I am allergic to five on this list, but what is most concerning to us is the high concentration of Aspergillus, Cladosporium, Chaetomium and also the toxic black mold. Stachybotrys (toxic mold) does not usually become airborne. It colonizes where it is (non-airborne) unless it is disturbed or dried out, then the spores shoot into the air, contaminating everything it lands on. My husband is highly allergic to Aspergillus/Penicillium, which explains the hair loss on his head, in his eyebrows and his chest hair. He also has other health concerns that he just chalked up to being achy from work. Now we have cause to reconsider.

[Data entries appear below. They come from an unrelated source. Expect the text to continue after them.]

Theorem mainTheorem4 (R : realType) (n l : nat)
  (y : 'I_n -> 'I_l -> R) (vol : 'I_n -> R) (gam : 'I_n -> 'I_n -> R)
  (nb : rel 'I_n) (bn : 'I_n -> 'I_n -> R) (D CP : R)
  (pi : 'I_n -> R) (rho : R -> 'I_n -> R)
  (* Setting U: distinct points, positive volumes, faces *)
  (hy : forall i j, y i = y j -> i = j)
  (hvol : forall i, 0 < vol i)
  (hnb_irr : forall i, ~~ nb i i)
  (hnb_sym : forall i j, nb i j = nb j i)
  (hgam_sym : forall i j, gam i j = gam j i)
  (hgam_pos : forall i j, nb i j -> 0 < gam i j)
  (hgam_0 : forall i j, ~~ nb i j -> gam i j = 0)
  (hconn : forall i j, connect nb i j)
  (hbn : forall i j, nb i j -> bn j i = - bn i j)
  (hD : 0 < D)
  (* positive steady state *)
  (hpi : forall i, 0 < pi i)
  (hss : steady_state y vol gam nb bn D pi)
  (* Poincare inequality *)
  (hCP : 0 < CP)
  (hP : forall u : 'I_n -> R, \sum_i u i * pi i * vol i = 0 ->
     \sum_i u i ^+ 2 * pi i * vol i <=
       CP * \sum_i \sum_j gam i j * (pi i + pi j) / eucl_dist (y i) (y j)
                            * (u i - u j) ^+ 2)
  (* rho solves the upwind scheme for t >= 0 *)
  (hrho : forall t : R, 0 <= t -> forall i : 'I_n,
     is_derive t (1 : R) (fun s : R => rho s i * vol i)
       (upwind_rhs y gam nb bn D (rho t) i))
  (hmass : \sum_i rho 0 i * vol i = \sum_i pi i * vol i) :
  forall t : R, 0 <= t ->
    \sum_i (rho t i - pi i) ^+ 2 / pi i * vol i <=
      expR (- (D / (2 * CP)) * t) * \sum_i (rho 0 i - pi i) ^+ 2 / pi i * vol i.
Proof.
have mass_const : forall s : R, 0 <= s -> \sum_i rho s i * vol i = \sum_i rho 0 i * vol i.
  apply: (deriv0_const (g := fun s => \sum_i rho s i * vol i)) => s s0.
  have := is_derive_fsum (h := fun i s => rho s i * vol i) (hrho s s0).
  by rewrite (upwind_mass_conservation y D hvol hnb_sym hgam_sym hbn).
move=> t t0; apply: (gronwall_exp
  (E := fun s => \sum_i (rho s i - pi i) ^+ 2 / pi i * vol i)
  (dE := fun s => \sum_i 2 * (rho s i - pi i) / pi i
                   * upwind_rhs y gam nb bn D (rho s) i)) t0 => s s0.
  apply: is_derive_fsum => i.
  by apply: is_derive_chi2 (hrho s s0 i); exact: lt0r_neq0.
apply: (chi2_dissipation hvol hnb_irr hnb_sym hgam_sym hgam_pos hgam_0 hbn
          hD hpi hss hCP hP).
by rewrite mass_const.
Qed.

Stachybotrys can be safely removed by a mold remediation specialist IF it is intact and has not become airborne, but once it does become airborne, according to a few specialists “It’s all over!” The mold specialist who took the air samples of our home said that in all the time that he has tested different sites, he has NEVER seen such high amounts of Stachybotrys airborne!

So what does it all mean for our family? Since we already knew there was mold I was allergic to in our current home, we had planned to give away or sell our things because only I was allergic to it and then move out west to New Mexico with just our clothing. But since we just found out today that we have toxic mold, we have to throw EVERYTHING away! That’s right, everything, including our clothes. Nothing can go with us, or given to relatives for storage, or sold, because of the contamination. If the toxic mold was not airborne, in theory could take our stuff, but it still poses a threat to our health because of the nine other molds and we run the risk of contaminating a new home, starting the process all over again. It’s like losing everything in a fire. All the things I held precious, like my father’s original artwork, my art that I held onto since I was nine years old, all my children’s art, photographs, important documents, books that I treasure, things I have made my children…all gone. We have to start all over.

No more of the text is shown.